Моей жизнью больше не управляют часы, я свободен от их постоянного тиканья. Опускаются сумерки, значит, день клонится к вечеру. И вот я уже сижу в своем закутке и быстро записываю сцены из прошлой жизни в другом мире, укутавшись в шерстяное одеяло и согревая руки дыханием. Они бы не были высокого мнения о новом поселенце — хозяева, которые когда-то жили здесь, мои предки. Они не сидели и не царапали в тетрадках при дневном свете, здесь вязали, валяли шерсть, штопали и пряли кровоточащими пальцами, пока что-то могли различить. Иногда я закрываю глаза и вижу, что здесь наверху снова их жилая комната, что в ней сидят хозяин и хозяйка, работники, дети, иждивенцы, каждый на своей кровати. Я пытаюсь представить себя на их месте, размышляю о том, что они ели, разговаривали ли друг с другом или только ругались, а в перерывах монотонно бормотали слово Божие. Вечерами я ищу помощи у их видавших виды душ, которым невероятным усилием воли удавалось выживать на этих камнях, на самой суровой земле, где смогли обосноваться европейцы и сохранить свою культуру через холодные и жестокие века.

Но они были друг у друга. Не сидели здесь наедине с собой, не боролись за свое психическое здоровье, разговаривая с собакой, овцами или подвешенными под потолком тресковыми головами. И они хорошо знали то, чем занимались, учились работать друг у друга, им не приходилось вновь и вновь изобретать старые приемы и навыки, когда ягнились овцы, когда нужно было сушить рыбу или разделывать тушу тюленя. Иногда я бы многое отдал даже за мимолетное общение с каким-нибудь исправным хозяином, чтобы задать ему простые вопросы и не учиться всему на собственном опыте.

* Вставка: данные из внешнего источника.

(* Let $c\in\{0,1\}$ and let $f\colon M^4\to\mathbb{Q}_c^{4+m}$ be an isometric immersion of an oriented Riemannian four-manifold. Suppose that at a point $x$ there is an oriented orthonormal frame $\{e_1,\dots,e_4\}$ of $T_xM$ such that, with $\alpha_{ij}=\alpha_f(e_i,e_j)$, $\alpha_{11}=\alpha_{22}$, $\alpha_{33}=\alpha_{44}$, $\alpha_{12}=\alpha_{34}=0$, $\|\alpha_{23}\|=\|\alpha_{14}\|$, $\|\alpha_{24}\|=\|\alpha_{13}\|$, $\langle\alpha_{14}+\alpha_{23},\alpha_{13}-\alpha_{24}\rangle=0$, $\langle\alpha_{13}+\alpha_{24},\alpha_{14}-\alpha_{23}\rangle=0$, and $\|\alpha_{13}\|^2+\|\alpha_{14}\|^2=c+\langle\alpha_{11},\alpha_{44}\rangle$. Let $e_{ij}=e_i\wedge e_j$, $\eta_1=\frac1{\sqrt2}(e_{12}+e_{34})$, $\eta_2=\frac1{\sqrt2}(e_{13}-e_{24})$, $\eta_3=\frac1{\sqrt2}(e_{14}+e_{23})$ (a basis of $\Lambda^2_+T_xM$) and $\eta_{i+3}=\ast\eta_i$-type anti-self-dual partners $\eta_4=\frac1{\sqrt2}(e_{12}-e_{34})$, $\eta_5=\frac1{\sqrt2}(e_{13}+e_{24})$, $\eta_6=\frac1{\sqrt2}(e_{14}-e_{23})$ (a basis of $\Lambda^2_-T_xM$). Then at $x$: (i) With respect to $\{\eta_1,\eta_2,\eta_3\}$ and $\{\eta_4,\eta_5,\eta_6\}$, the operators $\mathcal B^{[2]}_\pm$ have matrices $$\begin{bmatrix}\mu^\pm_1&a^\pm_1&a^\pm_2\\ a^\pm_1&\mu^\pm_2&0\\ a^\pm_2&0&\mu^\pm_3\end{bmatrix},$$ where $\mu^\pm_1=\|\alpha_{14}\pm\alpha_{23}\|^2+\|\alpha_{13}\mp\alpha_{24}\|^2$, $\mu^\pm_2=\|\alpha_{11}-\alpha_{44}\|^2+4\|\alpha_{13}\|^2+2(\|\alpha_{14}\|\|\alpha_{23}\|\mp\langle\alpha_{14},\alpha_{23}\rangle)$, $\mu^\pm_3=\|\alpha_{11}-\alpha_{44}\|^2+4\|\alpha_{14}\|^2+2(\|\alpha_{13}\|\|\alpha_{24}\|\pm\langle\alpha_{13},\alpha_{24}\rangle)$, $a^\pm_1=\langle\alpha_{23}\pm\alpha_{14},\alpha_{44}-\alpha_{11}\rangle$, $a^\pm_2=\langle\alpha_{24}\mp\alpha_{13},\alpha_{44}-\alpha_{11}\rangle$. (ii) If $\ker\mathcal B^{[2]}_+\ne0$ at $x$, then one of: (ii1) $\alpha_{14}+\alpha_{23}=0=\alpha_{13}-\alpha_{24}$ and $a^+_1=a^+_2=0$; (ii2) $\alpha_{13}=\alpha_{24}=0$, $\alpha_{23}=\alpha_{14}\ne0$ and $\alpha_{44}-\alpha_{11}=2\rho\,\alpha_{14}$ for some $\rho\in\mathbb{R}$; (ii3) $\alpha_{14}=\alpha_{23}=0$, $\alpha_{24}=-\alpha_{13}\ne0$ and $\alpha_{44}-\alpha_{11}=2\rho\,\alpha_{13}$ for some $\rho\in\mathbb{R}$. (iii) If $\ker\mathcal B^{[2]}_-\ne0$ at $x$, then one of: (iii1) $\alpha_{14}-\alpha_{23}=0=\alpha_{13}+\alpha_{24}$ and $a^-_1=a^-_2=0$; (iii2) $\alpha_{13}=\alpha_{24}=0$, $\alpha_{23}=-\alpha_{14}\ne0$ and $\alpha_{44}-\alpha_{11}=2\rho\,\alpha_{14}$ for some $\rho\in\mathbb{R}$; (iii3) $\alpha_{14}=\alpha_{23}=0$, $\alpha_{24}=\alpha_{13}\ne0$ and $\alpha_{44}-\alpha_{11}=2\rho\,\alpha_{13}$ for some $\rho\in\mathbb{R}$. Moreover, in cases (ii2), (ii3), (iii2), (iii3), the normal curvature tensor of $f$ vanishes at $x$ and the first normal space $N_1f(x)=\operatorname{span}\{\alpha_f(X,Y):X,Y\in T_xM\}$ satisfies $1\le\dim N_1f(x)\le2$.
   Context: $\mathbb{Q}_c^{N}$ is $\mathbb{R}^N$ ($c=0$) or the unit sphere ($c=1$); $\alpha_f$ is the second fundamental form. $\Lambda^2T_xM$ carries the inner product $\langle\langle v_1\wedge v_2,w_1\wedge w_2\rangle\rangle=\det(\langle v_i,w_j\rangle)$; $\ast$ is the Hodge star and $\Lambda^2_\pm T_xM$ its $\pm1$ eigenspaces. The Bochner–Weitzenböck operator $\mathcal B^{[2]}$ is the endomorphism of $\Lambda^2T_xM$ with $\langle\langle\mathcal B^{[2]}(v_1\wedge v_2),w_1\wedge w_2\rangle\rangle=\mathrm{Ric}(v_1,w_1)\langle v_2,w_2\rangle+\mathrm{Ric}(v_2,w_2)\langle v_1,w_1\rangle-\mathrm{Ric}(v_1,w_2)\langle v_2,w_1\rangle-\mathrm{Ric}(v_2,w_1)\langle v_1,w_2\rangle-2\langle R(v_1,v_2)w_2,w_1\rangle$, with $R(X,Y)=[\nabla_X,\nabla_Y]-\nabla_{[X,Y]}$, $\mathrm{Ric}(X,Y)=\sum_i\langle R(X,E_i)E_i,Y\rangle$. $\Lambda^2_\pm T_xM$ are $\mathcal B^{[2]}$-invariant and $\mathcal B^{[2]}_\pm$ denote the restrictions. The normal curvature tensor is $R^\perp(X,Y)\xi=\alpha_f(X,A_\xi Y)-\alpha_f(A_\xi X,Y)$, where $\langle A_\xi X,Y\rangle=\langle\alpha_f(X,Y),\xi\rangle$. *)

(* Pointwise (linear-algebraic) model of Lemma 3.3:
   T_xM = R^4 with the oriented orthonormal frame e_1..e_4 = standard basis
   (indices 0..3 in Rocq), the normal space N_xM = R^m ('rV[R]_m),
   alpha_f given by the 16 vectors al i j = alpha_f(e_i,e_j). *)
From HB Require Import structures.
From mathcomp Require Import all_boot all_order all_algebra.
From mathcomp Require Import reals.
Set Implicit Arguments. Unset Strict Implicit. Unset Printing Implicit Defensive.
Import Order.TTheory GRing.Theory Num.Theory.
Local Open Scope ring_scope.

Меня, однако, ничто не смогло бы подготовить к холоду и сырости, удушающей вони. Но овцы стали моими спасителями. Тепло от них поднимается ко мне наверх, поддерживает во мне жизнь в самые холодные месяцы. Блеяние для меня как белый шум, я его теперь почти не слышу, не более, чем нос улавливает идущий от овец запах. Сначала мне жгло глаза, и они слезились от этой вони, но со временем мы соединились, овечий запах и я, стали одним целым.

Завешиваю окно овечьей шкурой, прибиваю ее гвоздями так, чтобы наружу не проникал даже слабый свет, и молча благодарю за солнечную батарею, которая всего лишь за четверть часа отделяет мою жизнь от жизни прежних хозяев Голодного дома.

Загрузка...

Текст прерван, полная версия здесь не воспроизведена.